- Instructions for the task:
Repeat nothing but the lines below running from the one containing "exact: DeltaA_degenerate_kernel." to the one containing "(eC : 'I_N -> 'I_(2 * n + 2) * mon k n.+1)". Keep both end lines.

- Information:

(* Let $n\ge 1$, $k\ge 1$ be integers, $V$ a complex vector space of dimension $2n+2$, $I$ a complex vector space of dimension $k$, and $(W,J)$ a complex symplectic vector space of dimension $2n+2k$. For $A\in\mathrm{Hom}(V^*\otimes I^*,W)$ let $A^t\colon W\to V\otimes I$ be the composition of $W\to W^*$, $w\mapsto J(w,\cdot)$, with the dual map $A^*\colon W^*\to V\otimes I$, and let $$\Delta_A=(\mathrm{id}_V\otimes\pi)\circ(A^t\otimes\mathrm{id}_{S^nI})\colon W\otimes S^nI\to V\otimes S^{n+1}I,$$ where $\pi\colon I\otimes S^nI\to S^{n+1}I$ is the natural multiplication map. (Both spaces have dimension $(2n+2k)\binom{k+n-1}{n}=(2n+2)\binom{k+n}{n+1}$.) Let $D(A)=\det\Delta_A$ (computed in any fixed bases). If $A$ is degenerate, i.e. there exist $0\neq v\in V^*$ and $0\neq i\in I^*$ with $A(v\otimes i)=0$, then $D(A)=0$. *)

(* Complex numbers are modelled as R[i] = complex R for an
   arbitrary R : realType (so C = R[i] is the field of complex numbers). *)
From HB Require Import structures.
From mathcomp Require Import all_boot all_order all_algebra.
From mathcomp Require Import reals complex.
Set Implicit Arguments. Unset Strict Implicit. Unset Printing Implicit Defensive.
Import Order.TTheory GRing.Theory Num.Theory.
Local Open Scope ring_scope.

(* Monomial basis of S^d I, I = C^k: multi-indices alpha : 'I_k -> nat with
   |alpha| = d (each entry is bounded by d). *)
Definition mon (k d : nat) :=
  {f : {ffun 'I_k -> 'I_d.+1} | \sum_(i < k) (f i : nat) == d}.

Definition Jform (F : comNzRingType) (w : nat) (J : 'M[F]_w) (x y : 'rV[F]_w) : F :=
  (x *m J *m trmx y) 0 0.

(* A : Hom(Vdual (x) Idual, W) in the dual bases: A a b = A(ea^dual (x) fb^dual).
   A^t(w) = sum_(a,b) J(w, A a b) e_a (x) f_b, and
   Delta_A (e_c (x) x^alpha) = sum_(a,b) J(e_c, A a b) e_a (x) x^(alpha + e_b).
   DeltaA c alpha a beta = coefficient of e_a (x) x^beta in Delta_A(e_c (x) x^alpha). *)
Definition DeltaA (F : comNzRingType) (m k w n : nat) (J : 'M[F]_w)
  (A : 'I_m -> 'I_k -> 'rV[F]_w)
  (r : 'I_w * mon k n) (c : 'I_m * mon k n.+1) : F :=
  \sum_(b < k)
    (([forall j : 'I_k, (val c.2 j : nat) == (val r.2 j : nat) + (j == b)])%:R
     * Jform J (delta_mx 0 r.1) (A c.1 b)).

Definition degenerate (F : comNzRingType) (m k w : nat)
  (A : 'I_m -> 'I_k -> 'rV[F]_w) : Prop :=
  exists (v : 'rV[F]_m) (i : 'rV[F]_k), v != 0 /\ i != 0 /\
    \sum_(a < m) \sum_(b < k) (v 0 a * i 0 b) *: A a b = 0.

From HB Require Import structures.
From mathcomp Require Import all_boot all_order all_algebra.
From mathcomp Require Import reals complex.
From mathcomp Require Import ring.
Import Order.TTheory GRing.Theory Num.Theory.
Set Implicit Arguments. Unset Strict Implicit. Unset Printing Implicit Defensive.
Local Open Scope ring_scope.

(* If A(v (x) i) = 0, the column vector v (x) i^(n+1) of V (x) S^(n+1) I lies in
   the kernel of Delta_A: the row of e_c (x) x^alpha pairs it with
   i^alpha * J(e_c, A(v (x) i)) = 0, because the only monomials of degree n+1
   reached from x^alpha are the x^alpha * x_b. *)

HB.instance Definition _ (k d : nat) := Finite.copy (mon k d)
  {f : {ffun 'I_k -> 'I_d.+1} | \sum_(i < k) (f i : nat) == d}.

Section Monomials.
Variable k : nat.

Fact mon_mulX_subproof d (al : mon k d) b j : (val al j + (j == b) < d.+2)%N.
Proof. by rewrite -addSn -[d.+2]addn1 leq_add ?leq_b1. Qed.

Fact mon_mulX_sum d (al : mon k d) b :
  \sum_(j < k) ([ffun j => Ordinal (mon_mulX_subproof al b j)] j : nat) == d.+1.
Proof.
under eq_bigr => j _ do rewrite ffunE /=.
rewrite big_split /= (eqP (valP al)) (bigD1 b) //= eqxx big1 => [|j /negbTE -> //].
by apply/eqP; rewrite addr0 addrC.
Qed.

Definition mon_mulX d (al : mon k d) b : mon k d.+1 :=
  exist (fun f : {ffun 'I_k -> 'I_d.+2} => \sum_(i < k) (f i : nat) == d.+1) _
    (mon_mulX_sum al b).

Lemma mon_mulXE d (al : mon k d) b j :
  (val (mon_mulX al b) j : nat) = (val al j + (j == b))%N.
Proof. by rewrite ffunE. Qed.

Lemma mon_mulXP d (al : mon k d) b (be : mon k d.+1) :
  [forall j, (val be j : nat) == (val al j : nat) + (j == b)] = (be == mon_mulX al b).
Proof.
apply/forallP/eqP => [Hbe | ->]; last by move=> j; rewrite mon_mulXE.
by apply/val_inj/ffunP => j; apply/val_inj; rewrite /= mon_mulXE; apply/eqP.
Qed.

Fact mon_Xn_sum d (b : 'I_k) :
  \sum_(j < k) ([ffun j => if j == b then ord_max else ord0 : 'I_d.+1] j : nat) == d.
Proof.
rewrite (bigD1 b) //= ffunE eqxx big1 => [|j /negbTE]; last by rewrite ffunE => ->.
by rewrite addr0.
Qed.

Definition mon_Xn d b : mon k d :=
  exist (fun f : {ffun 'I_k -> 'I_d.+1} => \sum_(i < k) (f i : nat) == d) _
    (mon_Xn_sum d b).

Variable R : comNzRingType.

Definition mon_eval d (v : 'rV[R]_k) (al : mon k d) : R :=
  \prod_(j < k) v 0 j ^+ (val al j : nat).

Lemma mon_eval_mulX d v (al : mon k d) b :
  mon_eval v (mon_mulX al b) = mon_eval v al * v 0 b.
Proof.
rewrite /mon_eval; under eq_bigr => j _ do rewrite mon_mulXE exprD.
rewrite big_split /=; congr (_ * _).
rewrite (bigD1 b) //= eqxx expr1 big1 ?mulr1 // => j /negbTE ->.
exact: expr0.
Qed.

Lemma mon_eval_Xn d v b : mon_eval v (mon_Xn d b) = v 0 b ^+ d.
Proof.
rewrite /mon_eval (bigD1 b) //= ffunE eqxx big1 ?mulr1 // => j /negbTE.
by rewrite ffunE => ->; rewrite expr0.
Qed.

End Monomials.

Arguments mon_Xn {k} d b.

Section Jform.
Variables (R : comNzRingType) (w : nat) (J : 'M[R]_w) (x : 'rV[R]_w).

Lemma Jform0r : Jform J x 0 = 0.
Proof. by rewrite /Jform trmx0 mulmx0 mxE. Qed.

Lemma Jform_sumr (I : Type) (r : seq I) (P : pred I) (y : I -> 'rV[R]_w) :
  Jform J x (\sum_(i <- r | P i) y i) = \sum_(i <- r | P i) Jform J x (y i).
Proof. by rewrite /Jform raddf_sum mulmx_sumr summxE. Qed.

Lemma JformZr c y : Jform J x (c *: y) = c * Jform J x y.
Proof. by rewrite /Jform linearZ /= -scalemxAr mxE. Qed.

End Jform.

Section DeltaKernel.
Variables (R : comNzRingType) (m k w n : nat) (J : 'M[R]_w).
Variable A : 'I_m -> 'I_k -> 'rV[R]_w.

Definition tensor_power (v : 'rV[R]_m) (i : 'rV[R]_k) d (c : 'I_m * mon k d) : R :=
  v 0 c.1 * mon_eval i c.2.

Lemma DeltaA_tensor_power (v : 'rV[R]_m) (i : 'rV[R]_k) (r : 'I_w * mon k n) :
  \sum_c DeltaA J A r c * tensor_power v i c =
  mon_eval i r.2 *
    Jform J (delta_mx 0 r.1) (\sum_(a < m) \sum_(b < k) (v 0 a * i 0 b) *: A a b).
Proof.
have -> : \sum_c DeltaA J A r c * tensor_power v i c =
    \sum_a \sum_be DeltaA J A r (a, be) * tensor_power v i (a, be).
  by rewrite pair_bigA; apply: eq_bigr => -[].
rewrite Jform_sumr big_distrr; apply: eq_bigr => a _ /=.
rewrite Jform_sumr big_distrr /=.
under eq_bigr => be _ do rewrite /DeltaA /= big_distrl /=.
rewrite exchange_big; apply: eq_bigr => b _ /=.
under eq_bigr => be _ do rewrite mon_mulXP.
rewrite (bigD1 (mon_mulX r.2 b)) //= eqxx big1 ?addr0 => [|be /negbTE ->];
  last by rewrite !mul0r.
by rewrite /tensor_power JformZr mon_eval_mulX /=; ring.
Qed.

Lemma DeltaA_degenerate_kernel (v : 'rV[R]_m) (i : 'rV[R]_k) (r : 'I_w * mon k n) :
  \sum_(a < m) \sum_(b < k) (v 0 a * i 0 b) *: A a b = 0 ->
  \sum_c DeltaA J A r c * tensor_power v i c = 0.
Proof. by move=> hA; rewrite DeltaA_tensor_power hA Jform0r mulr0. Qed.

End DeltaKernel.

Lemma rowV_neq0P (R : nzRingType) (p : nat) (v : 'rV[R]_p) :
  v != 0 -> exists j, v 0 j != 0.
Proof.
move=> v0; apply/existsP; apply: contraR v0 => /existsPn v_eq0.
by apply/eqP/rowP => j; rewrite !mxE; apply/eqP/negbNE/v_eq0.
Qed.

Lemma det_DeltaA_degenerate (R : idomainType) m k w n (J : 'M[R]_w)
    (A : 'I_m -> 'I_k -> 'rV[R]_w) N (eR : 'I_N -> 'I_w * mon k n)
    (eC : 'I_N -> 'I_m * mon k n.+1) :
  bijective eC -> degenerate A ->
  \det (\matrix_(p < N, q < N) DeltaA J A (eR p) (eC q)) = 0.
Proof.
move=> heC [v [i [v0 [i0 hA]]]]; have [eC' _ eC'K] := heC.
pose y := \row_q tensor_power v i (eC q).
have [a va0] := rowV_neq0P v0; have [b ib0] := rowV_neq0P i0.
have y0 : y 0 (eC' (a, mon_Xn n.+1 b)) != 0.
  by rewrite mxE eC'K /tensor_power mon_eval_Xn mulf_neq0 ?expf_neq0.
apply/eqP; rewrite -det_tr; apply/det0P; exists y.
  by apply: contraNneq y0 => ->; rewrite mxE.
apply/rowP => p; rewrite !mxE.
transitivity (\sum_c DeltaA J A (eR p) c * tensor_power v i c).
  rewrite (reindex eC); last exact: onW_bij.
  by apply: eq_bigr => q _; rewrite !mxE mulrC.
exact: DeltaA_degenerate_kernel.
Qed.

Theorem mainTheorem2 (R : realType) (n k : nat) (hn : (1 <= n)%N) (hk : (1 <= k)%N)
  (J : 'M[R[i]]_(2 * n + 2 * k))
  (hJskew : trmx J = - J) (hJnd : J \in unitmx)
  (A : 'I_(2 * n + 2) -> 'I_k -> 'rV[R[i]]_(2 * n + 2 * k))
  (N : nat) (eR : 'I_N -> 'I_(2 * n + 2 * k) * mon k n)
  (eC : 'I_N -> 'I_(2 * n + 2) * mon k n.+1)
  (heR : bijective eR) (heC : bijective eC) :
  degenerate A ->
  \det (\matrix_(p < N, q < N) DeltaA J A (eR p) (eC q)) = 0.
Proof. exact: det_DeltaA_degenerate. Qed.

- Output for this task:
exact: DeltaA_degenerate_kernel.
Qed.

Theorem mainTheorem2 (R : realType) (n k : nat) (hn : (1 <= n)%N) (hk : (1 <= k)%N)
  (J : 'M[R[i]]_(2 * n + 2 * k))
  (hJskew : trmx J = - J) (hJnd : J \in unitmx)
  (A : 'I_(2 * n + 2) -> 'I_k -> 'rV[R[i]]_(2 * n + 2 * k))
  (N : nat) (eR : 'I_N -> 'I_(2 * n + 2 * k) * mon k n)
  (eC : 'I_N -> 'I_(2 * n + 2) * mon k n.+1)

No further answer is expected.